THE world’s largest animal protein producer, JBS, has announced an investment worth A$138 million (US $100m) in lab-based cultured meat production.
The move follows JBS’s earlier investments in plant-based meat substitutes.
JBS’s move into what it terms ‘cultivated’ meat includes the acquisition of Spanish lab-based protein pioneer Bio Tech Foods, the construction of a plant in Europe and the implementation of a Research and Development Centre in Brazil.
The new business will operate under the flag of JBS Global’s Luxembourg division.
The acquisition marks the company’s entry into the cultured protein market, based on the production of food from animal cells. It will include an A$57 million investment in the construction of a new production facility in Spain to scale up production. JBS also announced the establishment of its first Centre for Research and Development in Biotechnology and Cultivated Protein in Brazil.
A company statement to investors said BioTech Foods was one of the leaders in the development of biotechnology for the production of cultivated protein.

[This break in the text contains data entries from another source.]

Definition avg_bound Rem (c : R) :=
  forall W, W != set0 -> upclosed Rem W -> dev c W <= 0.

Lemma upclosedP Rem W : reflect
  (W \subset Rem /\ forall x y, x \in W -> y \in Rem -> subm x y -> y \in W)
  (upclosed Rem W).
Proof.
apply: (iffP andP) => -[WR W_up]; split=> //.
  by move=> x y xW yR; move/forall_inP/(_ x xW)/forall_inP/(_ y yR)/implyP: W_up.
by apply/forall_inP => x xW; apply/forall_inP => y yR; apply/implyP; apply: W_up.
Qed.

Lemma dev_eq c W : dev c W = \sum_(t in W) q t * p t - c * \sum_(t in W) q t.
Proof. by rewrite /dev mulr_sumr -sumrB; apply: eq_bigr => t _; ring. Qed.

Lemma dev_setU c W1 W2 : [disjoint W1 & W2] -> dev c (W1 :|: W2) = dev c W1 + dev c W2.
Proof. by move=> W12; rewrite /dev -bigU //; apply: eq_bigl => t; rewrite inE. Qed.

Lemma wsum_gt0 Rem W : (forall t, t \in Rem -> inT t) -> W != set0 -> W \subset Rem ->
  0 < \sum_(t in W) q t.
Proof.
move=> RemT /set0Pn[t0 t0W] /subsetP WR; rewrite (bigD1 t0) //= ltr_pwDl ?q_gt0 ?RemT ?WR //.
by apply: sumr_ge0 => t _; apply: q_ge0.
Qed.

(* [s] is an equilibrium with outcome [u] among the types of [Rem]; [pe_below]
   is what keeps [u] monotone when a new layer is added on top. *)
Record partial_eq Rem u s : Prop := PartialEq {
  pe_strategy : forall t, t \in Rem ->
    [/\ forall m, 0 <= s t m, \sum_m s t m = 1 &
        forall m, 0 < s t m -> [/\ subm m t, m \in Rem & u m = u t]];
  pe_mono : forall x t, x \in Rem -> t \in Rem -> subm x t -> u x <= u t;
  pe_bayes : forall m, m \in Rem -> \sum_(t in Rem) q t * s t m * (p t - u m) = 0;
  pe_truthful : forall t, t \in Rem -> u t < p t -> s t t = 1;
  pe_silent : forall t, t \in Rem -> p t < u t -> forall t', t' \in Rem -> s t' t = 0;
  pe_below : forall c, avg_bound Rem c -> forall t, t \in Rem -> u t <= c }.

Lemma partial_eq0 u s : partial_eq set0 u s.
Proof. by split=> [t|x t|m|t|t|c _ t]; rewrite inE. Qed.

Section Extend.
Variables (Rem U : {set Msg}) (c : R) (u' : Msg -> R) (s' : Msg -> Msg -> R).
Hypothesis RemT : forall t, t \in Rem -> inT t.
Hypothesis U_neq0 : U != set0.
Hypothesis U_up : upclosed Rem U.
Hypothesis U_dev : dev c U = 0.
Hypothesis c_bound : avg_bound Rem c.
Hypothesis pe' : partial_eq (Rem :\: U) u' s'.

Let U_Rem t : t \in U -> t \in Rem.
Proof. by have [/subsetP + _] := upclosedP _ _ U_up; apply. Qed.

Let U_upP x y : x \in U -> y \in Rem -> subm x y -> y \in U.
Proof. by have [_] := upclosedP _ _ U_up; apply. Qed.

Let RemD t : t \in Rem -> t \notin U -> t \in Rem :\: U.
Proof. by move=> tR tU; rewrite inE tU. Qed.

Lemma avg_bound_diff : avg_bound (Rem :\: U) c.
Proof.
move=> W W_neq0 /upclosedP[/subsetP WR W_up].
have WU_up : upclosed Rem (W :|: U).
  apply/upclosedP; split.
    by apply/subsetP => x /setUP[/WR/setDP[]|/U_Rem].
  move=> x y /setUP[xW|xU] yR xy; last by rewrite inE (U_upP xU yR xy) orbT.
  by case: (boolP (y \in U)) => [yU|yU]; rewrite inE ?yU ?orbT // (W_up x) ?RemD.
have W_U : [disjoint W & U].
  by rewrite disjoints_subset; apply/subsetP => x /WR; rewrite !inE => /andP[].
have := c_bound _ WU_up; rewrite dev_setU // U_dev addr0; apply.
by case/set0Pn: W_neq0 => x xW; apply/set0Pn; exists x; rewrite inE xW.
Qed.

Lemma c_le_bound c' : avg_bound Rem c' -> c <= c'.
Proof.
move=> c'_bound; have := c'_bound _ U_neq0 U_up; have := U_dev.
have [UR _] := upclosedP _ _ U_up; have := wsum_gt0 RemT U_neq0 UR.
rewrite !dev_eq; nra.
Qed.

Definition low l := if (l \in U) && (p l < c) then q l * (c - p l) else 0.
Definition high h := if (h \in U) && (c < p h) then q h * (p h - c) else 0.

Lemma high_sub_low x : high x - low x = if x \in U then q x * (p x - c) else 0.
Proof.
rewrite /low /high; case: (x \in U) => /=; last by rewrite subr0.
case: (ltrgtP (p x) c) => [_|_|->] /=; first by rewrite sub0r -mulrN opprB.
  by rewrite subr0.
by rewrite !subrr mulr0.
Qed.

Lemma low_ge0 x : 0 <= low x.
Proof. by rewrite /low; case: ifP => // /andP[_ ?]; rewrite mulr_ge0 ?q_ge0 ?subr_ge0 ?ltW. Qed.

Lemma high_ge0 x : 0 <= high x.
Proof. by rewrite /high; case: ifP => // /andP[_ ?]; rewrite mulr_ge0 ?q_ge0 ?subr_ge0 ?ltW. Qed.

(* Hall's condition holds because the part of [U] outside the subsets of
   the low types is again an upper set, whose deviation is nonpositive. *)
Lemma hall_low_high : hall_condition (fun l h => subm h l) low high.
Proof.
have sum_hl (B : {set Msg}) : \sum_(x in B) (high x - low x) = dev c (U :&: B).
  rewrite /dev big_mkcond [RHS]big_mkcond; apply: eq_bigr => x _.
  by rewrite high_sub_low !inE; case: (x \in U); case: (x \in B).
split=> [||| A]; [exact: low_ge0|exact: high_ge0| |].
  have sumT : \sum_x (high x - low x) = \sum_(x in [set: Msg]) (high x - low x).
    by apply: eq_bigl => x; rewrite inE.
  by apply/eqP; rewrite eq_sym -subr_eq0 -sumrB sumT sum_hl setIT U_dev.
set NA := nbhd _ A.
have A_NA : A \subset NA by apply/subsetP => x xA; apply/nbhdP; exists x; rewrite ?subm_refl.
apply: le_trans (sum_le_subset A_NA low_ge0) _; rewrite -subr_ge0 -sumrB sum_hl.
have dev_out : dev c (U :\: NA) <= 0.
  case: (eqVneq (U :\: NA) set0) => [->|out_neq0]; first by rewrite /dev big_set0.
  apply: c_bound out_neq0 _; apply/upclosedP; split.
    by apply/subsetP => x /setDP[/U_Rem].
  move=> x y /setDP[xU xNA] yR xy; rewrite inE (U_upP xU yR xy) andbT.
  by apply: contra xNA => /nbhdP[l lA yl]; apply/nbhdP; exists l => //; apply: subm_trans xy yl.
by move: U_dev; rewrite /dev (big_setID NA) /= -!/(dev _ _); lra.
Qed.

Founded in 2017, the company operates a pilot plant in the Spanish city of San Sebastián, and is expected to reach commercial production by mid-2024 when the cultivated protein will reach consumers in the form of various prepared foods, such as hamburgers, sausages and meatballs, “with the same quality, safety, flavour and texture of traditional protein”.

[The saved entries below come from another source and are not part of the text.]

Lemma RL_witness i :
  0 < RL i -> exists s, [/\ incr_sub alpha s, ends_at s i & size s = RL i].
Proof.
rewrite /Defs.RL.
case: (pickP (fun b : n.-tuple bool => incr_sub alpha (mask b (positions alpha))
                 && ends_at (mask b (positions alpha)) i)) => [b0 Pb0 | none];
  last by rewrite big_pred0.
rewrite (bigop.bigmax_eq_arg b0) //.
by case: arg_maxnP => // b /andP[incr_b ends_b] _ _; exists (mask b (positions alpha)).
Qed.

Lemma ends_at_mem s i : ends_at s i -> i \in s.
Proof. by case: s => //= x s /andP[_ /eqP <-]; apply: mem_last. Qed.

Lemma ends_at_size_gt0 s i : ends_at s i -> 0 < size s.
Proof. by case/andP; rewrite lt0n size_eq0. Qed.

Lemma ends_at_rcons s i : ends_at (rcons s i) i.
Proof. by rewrite /ends_at last_rcons eqxx andbT; case: s. Qed.

Lemma RL_gt0 i : (0 < RL i) = (i < n).
Proof.
apply/idP/idP => [/RL_witness[s [incr_s /ends_at_mem s_i _]] | lt_in].
  by move: incr_s; rewrite incr_subE => /andP[_ /allP/(_ i s_i)].
have : ends_at [:: i] i by rewrite /ends_at /=.
apply: size_le_RL; rewrite incr_subE /= andbT; exact: lt_in.
Qed.

Lemma RL_le_size i : RL i <= n.
Proof.
case: (posnP (RL i)) => [-> // | /RL_witness[s [/andP[sub_s _] _ <-]]].
by rewrite -(size_iota 0 n) size_subseq.
Qed.

Lemma RL_compat j i : compat alpha j i -> i < n -> RL j < RL i.
Proof.
move=> compat_ji lt_in; have /andP[lt_ji _] := compat_ji.
have /RL_witness[s [incr_s ends_s <-]] : 0 < RL j by rewrite RL_gt0 (ltn_trans lt_ji).
case/lastP: s incr_s ends_s => // s x incr_s /andP[_].
rewrite last_rcons => /eqP x_j; subst x.
rewrite -(size_rcons _ i) (size_le_RL _ (ends_at_rcons _ _)) //.
by rewrite incr_sub_rcons2 incr_s compat_ji lt_in.
Qed.

Lemma exists_pred i : 1 < RL i -> exists j, is_pred alpha j i.
Proof.
move=> gt1_RLi; have /RL_witness[s [incr_s ends_s size_s]] := ltnW gt1_RLi.
case/lastP: s incr_s ends_s size_s => // p x + /andP[_].
rewrite last_rcons => + /eqP x_i; subst x.
case/lastP: p => [_ /= size_i | q j]; first by rewrite -size_i in gt1_RLi.
rewrite incr_sub_rcons2 => /and3P[incr_qj compat_ji lt_in] size_s.
have := size_le_RL incr_qj (ends_at_rcons _ _).
have := RL_compat compat_ji lt_in.
rewrite !size_rcons in size_s *.
by exists j; rewrite /is_pred compat_ji /=; apply/eqP; lia.
Qed.

Lemma same_RL_lt j i : RL j = RL i -> i < n -> j < i -> (a i < a j)%R.
Proof.
move=> RL_ji lt_in lt_ji; rewrite ltNge; apply/negP => le_ji.
by have := @RL_compat j i; rewrite /compat lt_ji le_ji RL_ji ltnn => /(_ isT lt_in).
Qed.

The technology has potential not only for the production of beef protein, but also for chicken, pork and fish, JBS said.
Under the terms of the transaction, JBS will become the majority shareholder of BioTech Foods.
The closing of the transaction is subject to the confirmation from Spain’s foreign direct investment authorities.
Through its investment in the Cultivated Protein Research Centre in Brazil, expected to start next year, JBS said it intended to develop new techniques that accelerate scale gains and reduce the production costs of cultured protein, anticipating its commercialisation in the market.
JBS said the two initiatives aligned with the company’s strategy of expanding its platform of new forms of protein production, as a reflection of new consumption trends and population growth in the coming decades.
Asked in an earlier investor briefing whether JBS’s previous investment in plant-based protein manufacture reflected a lack of confidence in conventional animal meat production, global chief executive Gilberto Tomazoni said such investments should be seen as additional to, rather than in place of conventional animal-based meat production. It did not dilute the company’s focus on animal protein production in any way, he said.
JBS in 2019 joined fellow meat processing industry giants Cargill and Tyson with its first investment in the plant-based meat sector, via its purchase of Planterra Foods. In June this year, it finalised a second deal to purchase Europe’s third-largest plant-based food manufacturer, Vivera. JBS’s Seara value-added division has since added other plant-based product lines including refrigerated burgers, ground ‘meat’, and meatballs under the OZO and Incrivel brands.
In August, JBS said it had spent US$ 2.2 billion on acquisitions since 2020.
Huon salmon deal completed
In separate JBS financial news this week, JBS Australia has confirmed it has now officially taken 100pc ownership of Tasmanian salmon producer Huon Aquaculture.
The completion comes after reaching the official Implementation Date and paying $3.725 per share for Huon’s stock.
In a statement, JBS said it was looking forward to working with Huon’s 850 employees to strengthen the business, and identify new growth opportunities.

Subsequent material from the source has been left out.